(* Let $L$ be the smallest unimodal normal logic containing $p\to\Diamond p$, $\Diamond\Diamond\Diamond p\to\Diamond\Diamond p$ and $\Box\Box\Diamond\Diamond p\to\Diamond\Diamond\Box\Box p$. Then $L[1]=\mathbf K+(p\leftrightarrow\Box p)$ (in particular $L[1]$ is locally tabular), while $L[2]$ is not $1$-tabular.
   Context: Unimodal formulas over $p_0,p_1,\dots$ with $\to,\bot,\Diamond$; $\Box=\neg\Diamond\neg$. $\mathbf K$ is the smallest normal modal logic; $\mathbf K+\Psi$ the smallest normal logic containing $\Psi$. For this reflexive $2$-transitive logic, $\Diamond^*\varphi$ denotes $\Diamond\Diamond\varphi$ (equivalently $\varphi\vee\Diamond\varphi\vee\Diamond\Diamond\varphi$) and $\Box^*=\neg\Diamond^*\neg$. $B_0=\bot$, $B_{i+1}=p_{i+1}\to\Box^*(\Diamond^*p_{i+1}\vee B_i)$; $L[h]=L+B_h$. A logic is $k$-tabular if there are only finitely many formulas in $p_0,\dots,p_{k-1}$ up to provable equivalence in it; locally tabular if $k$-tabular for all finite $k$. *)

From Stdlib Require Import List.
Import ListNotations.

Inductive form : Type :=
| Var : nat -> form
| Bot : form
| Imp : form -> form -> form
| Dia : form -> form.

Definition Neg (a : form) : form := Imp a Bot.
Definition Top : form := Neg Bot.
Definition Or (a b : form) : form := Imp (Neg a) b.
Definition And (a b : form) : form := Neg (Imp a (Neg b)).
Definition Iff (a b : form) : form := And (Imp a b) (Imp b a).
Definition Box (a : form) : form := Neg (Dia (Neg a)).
* * *
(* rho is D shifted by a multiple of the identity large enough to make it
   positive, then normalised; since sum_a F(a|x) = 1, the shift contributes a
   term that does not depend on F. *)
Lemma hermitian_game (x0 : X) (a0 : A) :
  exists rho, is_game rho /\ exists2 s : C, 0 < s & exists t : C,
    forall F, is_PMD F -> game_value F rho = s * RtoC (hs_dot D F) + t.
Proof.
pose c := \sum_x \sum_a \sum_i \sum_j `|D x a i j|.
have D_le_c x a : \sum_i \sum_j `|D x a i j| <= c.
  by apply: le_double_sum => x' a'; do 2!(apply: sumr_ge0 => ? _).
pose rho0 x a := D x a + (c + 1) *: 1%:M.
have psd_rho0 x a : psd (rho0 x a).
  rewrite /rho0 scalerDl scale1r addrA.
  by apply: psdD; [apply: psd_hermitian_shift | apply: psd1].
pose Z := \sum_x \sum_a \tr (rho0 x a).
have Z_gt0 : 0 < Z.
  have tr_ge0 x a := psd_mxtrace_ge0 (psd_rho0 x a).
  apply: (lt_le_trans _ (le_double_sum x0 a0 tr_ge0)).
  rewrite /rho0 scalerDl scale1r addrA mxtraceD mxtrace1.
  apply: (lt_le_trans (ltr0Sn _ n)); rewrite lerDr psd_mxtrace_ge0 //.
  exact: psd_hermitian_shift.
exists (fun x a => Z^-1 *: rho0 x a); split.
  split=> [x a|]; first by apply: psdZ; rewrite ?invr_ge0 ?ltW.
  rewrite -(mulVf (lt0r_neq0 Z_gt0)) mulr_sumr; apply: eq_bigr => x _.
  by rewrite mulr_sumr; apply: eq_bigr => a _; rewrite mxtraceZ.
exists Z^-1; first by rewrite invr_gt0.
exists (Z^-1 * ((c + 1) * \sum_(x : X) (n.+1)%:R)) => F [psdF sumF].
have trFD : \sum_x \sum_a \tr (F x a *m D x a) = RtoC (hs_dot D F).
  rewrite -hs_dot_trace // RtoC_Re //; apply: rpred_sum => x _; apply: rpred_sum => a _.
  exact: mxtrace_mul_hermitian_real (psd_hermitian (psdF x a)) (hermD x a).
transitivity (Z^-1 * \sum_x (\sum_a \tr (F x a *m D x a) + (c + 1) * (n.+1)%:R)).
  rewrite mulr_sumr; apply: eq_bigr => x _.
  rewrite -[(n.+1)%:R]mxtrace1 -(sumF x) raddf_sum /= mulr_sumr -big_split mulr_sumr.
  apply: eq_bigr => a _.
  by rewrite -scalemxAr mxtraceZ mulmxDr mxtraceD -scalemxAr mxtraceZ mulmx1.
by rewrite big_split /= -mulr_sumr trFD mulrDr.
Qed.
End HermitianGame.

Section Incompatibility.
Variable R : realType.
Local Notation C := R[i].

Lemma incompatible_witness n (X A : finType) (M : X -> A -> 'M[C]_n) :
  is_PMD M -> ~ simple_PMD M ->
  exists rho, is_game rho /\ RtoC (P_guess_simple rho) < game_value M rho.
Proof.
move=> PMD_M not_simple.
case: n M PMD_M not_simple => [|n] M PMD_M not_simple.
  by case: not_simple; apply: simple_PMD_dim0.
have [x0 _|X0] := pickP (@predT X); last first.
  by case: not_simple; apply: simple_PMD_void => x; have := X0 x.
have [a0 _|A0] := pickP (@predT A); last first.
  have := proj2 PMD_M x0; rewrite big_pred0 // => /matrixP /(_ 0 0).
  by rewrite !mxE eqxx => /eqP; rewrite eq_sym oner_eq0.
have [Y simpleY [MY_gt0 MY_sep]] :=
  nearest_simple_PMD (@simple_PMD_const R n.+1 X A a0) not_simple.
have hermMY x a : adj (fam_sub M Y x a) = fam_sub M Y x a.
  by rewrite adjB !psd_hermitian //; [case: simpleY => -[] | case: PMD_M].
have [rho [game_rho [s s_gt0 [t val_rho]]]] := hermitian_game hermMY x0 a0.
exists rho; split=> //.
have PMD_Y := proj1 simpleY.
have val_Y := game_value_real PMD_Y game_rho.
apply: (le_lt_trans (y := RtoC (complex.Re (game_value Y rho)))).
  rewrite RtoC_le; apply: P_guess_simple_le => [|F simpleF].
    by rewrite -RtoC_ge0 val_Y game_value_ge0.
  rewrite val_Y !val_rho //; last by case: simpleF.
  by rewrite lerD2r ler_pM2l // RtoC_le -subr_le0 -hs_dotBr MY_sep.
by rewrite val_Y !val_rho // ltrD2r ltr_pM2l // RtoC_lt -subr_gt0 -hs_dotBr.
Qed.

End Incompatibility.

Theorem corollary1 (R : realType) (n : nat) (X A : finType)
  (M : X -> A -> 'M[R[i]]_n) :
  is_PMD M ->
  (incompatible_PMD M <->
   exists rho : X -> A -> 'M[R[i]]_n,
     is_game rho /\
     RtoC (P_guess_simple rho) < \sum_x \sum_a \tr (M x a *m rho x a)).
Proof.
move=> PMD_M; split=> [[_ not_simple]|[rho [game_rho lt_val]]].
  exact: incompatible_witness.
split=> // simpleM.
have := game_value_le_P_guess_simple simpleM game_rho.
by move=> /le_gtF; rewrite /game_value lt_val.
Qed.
* * *
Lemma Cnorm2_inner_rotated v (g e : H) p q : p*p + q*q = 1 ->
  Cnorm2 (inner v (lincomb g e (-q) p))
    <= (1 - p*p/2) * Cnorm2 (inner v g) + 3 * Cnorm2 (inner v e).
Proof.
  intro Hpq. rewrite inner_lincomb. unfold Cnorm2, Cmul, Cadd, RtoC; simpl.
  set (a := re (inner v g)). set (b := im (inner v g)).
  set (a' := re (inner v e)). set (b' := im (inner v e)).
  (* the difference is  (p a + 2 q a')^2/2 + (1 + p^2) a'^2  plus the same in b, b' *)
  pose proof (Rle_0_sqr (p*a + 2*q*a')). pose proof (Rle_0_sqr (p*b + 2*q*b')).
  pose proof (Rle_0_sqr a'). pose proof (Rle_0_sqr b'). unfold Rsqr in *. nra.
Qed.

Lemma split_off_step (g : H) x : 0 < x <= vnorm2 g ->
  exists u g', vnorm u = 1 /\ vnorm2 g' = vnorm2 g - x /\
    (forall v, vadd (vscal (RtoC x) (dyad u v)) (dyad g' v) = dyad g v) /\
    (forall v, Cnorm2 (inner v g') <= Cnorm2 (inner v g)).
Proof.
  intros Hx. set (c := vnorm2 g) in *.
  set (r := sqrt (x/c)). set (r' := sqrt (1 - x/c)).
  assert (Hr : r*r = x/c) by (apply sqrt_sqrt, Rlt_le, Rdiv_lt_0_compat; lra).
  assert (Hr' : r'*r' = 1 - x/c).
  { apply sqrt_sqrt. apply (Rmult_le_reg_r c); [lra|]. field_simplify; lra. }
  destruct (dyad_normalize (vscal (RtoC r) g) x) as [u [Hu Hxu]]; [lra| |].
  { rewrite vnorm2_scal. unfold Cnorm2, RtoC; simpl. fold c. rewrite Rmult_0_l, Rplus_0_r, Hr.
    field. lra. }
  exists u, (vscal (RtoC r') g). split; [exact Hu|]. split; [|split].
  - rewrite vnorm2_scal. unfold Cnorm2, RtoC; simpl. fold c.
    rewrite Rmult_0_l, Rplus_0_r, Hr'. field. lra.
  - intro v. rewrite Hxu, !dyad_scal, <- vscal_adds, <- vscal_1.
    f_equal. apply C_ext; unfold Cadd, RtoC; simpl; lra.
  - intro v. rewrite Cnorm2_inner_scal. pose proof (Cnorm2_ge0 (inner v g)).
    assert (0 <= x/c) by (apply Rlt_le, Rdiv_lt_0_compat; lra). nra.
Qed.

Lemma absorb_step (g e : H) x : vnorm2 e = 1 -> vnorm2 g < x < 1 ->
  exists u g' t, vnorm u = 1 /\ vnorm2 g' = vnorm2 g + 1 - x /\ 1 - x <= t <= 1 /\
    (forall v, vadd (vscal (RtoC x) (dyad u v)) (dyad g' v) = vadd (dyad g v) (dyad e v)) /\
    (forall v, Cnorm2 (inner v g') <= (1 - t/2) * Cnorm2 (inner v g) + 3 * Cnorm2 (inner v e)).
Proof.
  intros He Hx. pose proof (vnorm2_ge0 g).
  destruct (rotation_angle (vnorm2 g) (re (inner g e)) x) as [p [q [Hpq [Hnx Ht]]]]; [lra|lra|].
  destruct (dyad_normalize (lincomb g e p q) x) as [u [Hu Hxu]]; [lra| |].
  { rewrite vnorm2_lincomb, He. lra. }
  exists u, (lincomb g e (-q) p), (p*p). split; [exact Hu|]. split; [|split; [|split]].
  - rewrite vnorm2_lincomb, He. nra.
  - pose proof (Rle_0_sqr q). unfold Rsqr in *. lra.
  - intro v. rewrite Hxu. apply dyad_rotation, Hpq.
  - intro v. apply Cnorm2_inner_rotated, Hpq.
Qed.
* * *
*Exercise*. All lines of the records above that carry the word "containing" should be listed.

*Task solution*.
(* Let $L$ be the smallest unimodal normal logic containing $p\to\Diamond p$, $\Diamond\Diamond\Diamond p\to\Diamond\Diamond p$ and $\Box\Box\Diamond\Diamond p\to\Diamond\Diamond\Box\Box p$. Then $L[1]=\mathbf K+(p\leftrightarrow\Box p)$ (in particular $L[1]$ is locally tabular), while $L[2]$ is not $1$-tabular.
   Context: Unimodal formulas over $p_0,p_1,\dots$ with $\to,\bot,\Diamond$; $\Box=\neg\Diamond\neg$. $\mathbf K$ is the smallest normal modal logic; $\mathbf K+\Psi$ the smallest normal logic containing $\Psi$. For this reflexive $2$-transitive logic, $\Diamond^*\varphi$ denotes $\Diamond\Diamond\varphi$ (equivalently $\varphi\vee\Diamond\varphi\vee\Diamond\Diamond\varphi$) and $\Box^*=\neg\Diamond^*\neg$. $B_0=\bot$, $B_{i+1}=p_{i+1}\to\Box^*(\Diamond^*p_{i+1}\vee B_i)$; $L[h]=L+B_h$. A logic is $k$-tabular if there are only finitely many formulas in $p_0,\dots,p_{k-1}$ up to provable equivalence in it; locally tabular if $k$-tabular for all finite $k$. *)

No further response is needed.